Output the data word for word. Begin at its first line and end at the line with "le_trans : forall".

Entries taken from a collection:
▶
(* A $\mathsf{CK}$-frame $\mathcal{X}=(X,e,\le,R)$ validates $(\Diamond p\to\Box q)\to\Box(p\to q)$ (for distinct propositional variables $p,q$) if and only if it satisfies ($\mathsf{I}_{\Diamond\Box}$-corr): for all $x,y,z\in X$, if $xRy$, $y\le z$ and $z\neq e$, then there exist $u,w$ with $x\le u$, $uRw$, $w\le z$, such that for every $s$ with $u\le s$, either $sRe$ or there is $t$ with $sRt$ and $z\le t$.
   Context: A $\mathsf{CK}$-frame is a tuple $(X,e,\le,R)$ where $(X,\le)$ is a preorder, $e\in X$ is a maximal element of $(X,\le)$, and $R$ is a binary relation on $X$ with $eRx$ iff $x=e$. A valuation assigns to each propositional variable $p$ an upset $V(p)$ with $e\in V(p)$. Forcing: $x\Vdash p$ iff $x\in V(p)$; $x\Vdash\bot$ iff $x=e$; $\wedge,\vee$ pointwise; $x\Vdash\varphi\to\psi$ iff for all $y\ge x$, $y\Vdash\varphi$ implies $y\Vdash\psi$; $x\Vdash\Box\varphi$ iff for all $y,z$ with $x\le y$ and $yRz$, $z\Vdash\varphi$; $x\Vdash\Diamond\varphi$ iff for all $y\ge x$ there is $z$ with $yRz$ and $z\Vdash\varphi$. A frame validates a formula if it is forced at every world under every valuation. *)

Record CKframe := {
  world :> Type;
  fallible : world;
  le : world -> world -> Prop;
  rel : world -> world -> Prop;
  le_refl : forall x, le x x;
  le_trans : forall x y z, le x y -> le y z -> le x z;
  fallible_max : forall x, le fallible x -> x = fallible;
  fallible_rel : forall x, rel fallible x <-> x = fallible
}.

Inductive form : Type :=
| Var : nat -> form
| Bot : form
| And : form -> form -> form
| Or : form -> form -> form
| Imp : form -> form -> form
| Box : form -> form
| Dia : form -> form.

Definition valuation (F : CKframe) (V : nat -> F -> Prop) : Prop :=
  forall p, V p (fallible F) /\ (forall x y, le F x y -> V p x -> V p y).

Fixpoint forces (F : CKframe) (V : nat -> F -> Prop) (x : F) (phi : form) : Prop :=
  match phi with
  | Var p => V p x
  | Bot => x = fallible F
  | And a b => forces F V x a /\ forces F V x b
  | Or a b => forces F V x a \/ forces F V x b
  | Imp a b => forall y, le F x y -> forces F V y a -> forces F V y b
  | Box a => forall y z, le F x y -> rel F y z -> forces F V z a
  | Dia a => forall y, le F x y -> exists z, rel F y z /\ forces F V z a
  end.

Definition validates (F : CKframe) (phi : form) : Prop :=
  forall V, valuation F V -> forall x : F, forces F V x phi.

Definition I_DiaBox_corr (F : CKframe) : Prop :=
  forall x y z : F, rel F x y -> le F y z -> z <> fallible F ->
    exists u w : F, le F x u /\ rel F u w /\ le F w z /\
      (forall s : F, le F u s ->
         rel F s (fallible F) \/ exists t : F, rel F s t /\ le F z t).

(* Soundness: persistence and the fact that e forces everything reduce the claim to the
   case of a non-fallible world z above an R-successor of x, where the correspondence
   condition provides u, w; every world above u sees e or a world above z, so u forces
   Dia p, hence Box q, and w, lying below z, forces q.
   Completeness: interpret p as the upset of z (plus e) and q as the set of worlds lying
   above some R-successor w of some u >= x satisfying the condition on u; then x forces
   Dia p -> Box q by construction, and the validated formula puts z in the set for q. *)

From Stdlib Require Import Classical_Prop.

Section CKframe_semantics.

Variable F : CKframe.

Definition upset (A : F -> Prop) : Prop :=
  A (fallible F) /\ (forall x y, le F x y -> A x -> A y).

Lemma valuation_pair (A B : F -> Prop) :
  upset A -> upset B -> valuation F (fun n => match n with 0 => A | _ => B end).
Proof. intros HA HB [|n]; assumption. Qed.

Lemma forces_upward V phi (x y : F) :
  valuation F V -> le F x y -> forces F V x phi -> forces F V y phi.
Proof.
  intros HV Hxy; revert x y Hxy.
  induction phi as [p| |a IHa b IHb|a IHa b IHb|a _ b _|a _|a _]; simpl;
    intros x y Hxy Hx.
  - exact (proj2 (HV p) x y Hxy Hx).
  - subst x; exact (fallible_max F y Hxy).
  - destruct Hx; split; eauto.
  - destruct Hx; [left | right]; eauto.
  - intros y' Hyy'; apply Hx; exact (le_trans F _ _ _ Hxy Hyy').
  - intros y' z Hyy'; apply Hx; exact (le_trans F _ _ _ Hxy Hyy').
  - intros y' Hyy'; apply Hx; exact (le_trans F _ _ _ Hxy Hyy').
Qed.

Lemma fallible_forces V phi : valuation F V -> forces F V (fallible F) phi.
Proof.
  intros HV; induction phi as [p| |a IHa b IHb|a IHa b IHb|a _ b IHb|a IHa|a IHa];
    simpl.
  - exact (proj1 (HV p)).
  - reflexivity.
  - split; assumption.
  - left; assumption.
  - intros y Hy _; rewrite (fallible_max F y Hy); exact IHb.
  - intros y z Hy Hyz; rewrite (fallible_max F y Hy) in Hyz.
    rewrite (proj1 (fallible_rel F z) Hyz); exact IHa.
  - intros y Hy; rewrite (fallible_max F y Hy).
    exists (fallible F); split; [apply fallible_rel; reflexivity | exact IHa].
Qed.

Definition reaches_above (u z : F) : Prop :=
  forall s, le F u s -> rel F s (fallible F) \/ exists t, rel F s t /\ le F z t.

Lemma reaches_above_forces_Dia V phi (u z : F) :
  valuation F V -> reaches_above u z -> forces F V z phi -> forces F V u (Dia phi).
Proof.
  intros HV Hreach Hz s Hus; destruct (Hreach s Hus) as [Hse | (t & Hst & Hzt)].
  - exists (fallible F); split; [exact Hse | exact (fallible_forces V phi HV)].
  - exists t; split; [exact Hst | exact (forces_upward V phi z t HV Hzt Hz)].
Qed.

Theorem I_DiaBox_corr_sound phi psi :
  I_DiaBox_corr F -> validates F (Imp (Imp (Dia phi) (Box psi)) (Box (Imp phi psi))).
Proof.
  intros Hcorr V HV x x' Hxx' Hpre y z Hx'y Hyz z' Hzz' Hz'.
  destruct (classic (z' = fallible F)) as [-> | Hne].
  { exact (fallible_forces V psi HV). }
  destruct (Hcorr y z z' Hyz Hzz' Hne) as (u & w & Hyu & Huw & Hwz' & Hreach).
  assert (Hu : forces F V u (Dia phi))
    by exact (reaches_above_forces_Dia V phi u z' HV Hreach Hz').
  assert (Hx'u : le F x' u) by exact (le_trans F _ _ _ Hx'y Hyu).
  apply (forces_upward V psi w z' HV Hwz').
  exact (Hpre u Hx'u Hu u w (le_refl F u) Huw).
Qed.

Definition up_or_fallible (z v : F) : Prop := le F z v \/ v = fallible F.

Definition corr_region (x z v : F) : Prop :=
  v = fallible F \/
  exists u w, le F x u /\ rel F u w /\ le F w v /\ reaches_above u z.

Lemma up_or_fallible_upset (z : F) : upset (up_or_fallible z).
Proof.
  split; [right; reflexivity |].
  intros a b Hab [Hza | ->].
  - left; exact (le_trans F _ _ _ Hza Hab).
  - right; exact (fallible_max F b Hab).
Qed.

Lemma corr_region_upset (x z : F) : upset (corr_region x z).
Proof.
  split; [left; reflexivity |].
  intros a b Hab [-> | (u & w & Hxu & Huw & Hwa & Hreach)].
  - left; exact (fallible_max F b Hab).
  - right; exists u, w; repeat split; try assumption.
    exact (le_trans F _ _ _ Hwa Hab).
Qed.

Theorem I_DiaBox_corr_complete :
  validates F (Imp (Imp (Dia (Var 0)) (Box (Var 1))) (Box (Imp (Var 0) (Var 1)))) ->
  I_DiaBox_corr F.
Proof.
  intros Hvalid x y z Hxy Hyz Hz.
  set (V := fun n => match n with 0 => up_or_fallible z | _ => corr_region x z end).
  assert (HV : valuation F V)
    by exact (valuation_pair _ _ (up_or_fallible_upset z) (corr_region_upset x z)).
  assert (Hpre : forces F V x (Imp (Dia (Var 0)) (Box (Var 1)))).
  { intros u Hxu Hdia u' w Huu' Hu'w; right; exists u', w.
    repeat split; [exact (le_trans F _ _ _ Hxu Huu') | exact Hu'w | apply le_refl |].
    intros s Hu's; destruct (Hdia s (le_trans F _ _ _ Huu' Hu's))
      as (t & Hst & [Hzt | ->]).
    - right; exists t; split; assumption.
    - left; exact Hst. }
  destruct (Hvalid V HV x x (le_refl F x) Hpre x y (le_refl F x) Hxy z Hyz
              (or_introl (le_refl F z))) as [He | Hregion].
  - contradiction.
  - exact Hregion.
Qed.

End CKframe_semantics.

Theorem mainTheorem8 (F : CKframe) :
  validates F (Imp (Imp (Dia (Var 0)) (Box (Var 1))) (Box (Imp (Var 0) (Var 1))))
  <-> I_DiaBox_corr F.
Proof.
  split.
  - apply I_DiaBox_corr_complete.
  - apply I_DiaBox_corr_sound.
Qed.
◀
OUTPUT:
(* A $\mathsf{CK}$-frame $\mathcal{X}=(X,e,\le,R)$ validates $(\Diamond p\to\Box q)\to\Box(p\to q)$ (for distinct propositional variables $p,q$) if and only if it satisfies ($\mathsf{I}_{\Diamond\Box}$-corr): for all $x,y,z\in X$, if $xRy$, $y\le z$ and $z\neq e$, then there exist $u,w$ with $x\le u$, $uRw$, $w\le z$, such that for every $s$ with $u\le s$, either $sRe$ or there is $t$ with $sRt$ and $z\le t$.
   Context: A $\mathsf{CK}$-frame is a tuple $(X,e,\le,R)$ where $(X,\le)$ is a preorder, $e\in X$ is a maximal element of $(X,\le)$, and $R$ is a binary relation on $X$ with $eRx$ iff $x=e$. A valuation assigns to each propositional variable $p$ an upset $V(p)$ with $e\in V(p)$. Forcing: $x\Vdash p$ iff $x\in V(p)$; $x\Vdash\bot$ iff $x=e$; $\wedge,\vee$ pointwise; $x\Vdash\varphi\to\psi$ iff for all $y\ge x$, $y\Vdash\varphi$ implies $y\Vdash\psi$; $x\Vdash\Box\varphi$ iff for all $y,z$ with $x\le y$ and $yRz$, $z\Vdash\varphi$; $x\Vdash\Diamond\varphi$ iff for all $y\ge x$ there is $z$ with $yRz$ and $z\Vdash\varphi$. A frame validates a formula if it is forced at every world under every valuation. *)

Record CKframe := {
  world :> Type;
  fallible : world;
  le : world -> world -> Prop;
  rel : world -> world -> Prop;
  le_refl : forall x, le x x;
  le_trans : forall x y z, le x y -> le y z -> le x z;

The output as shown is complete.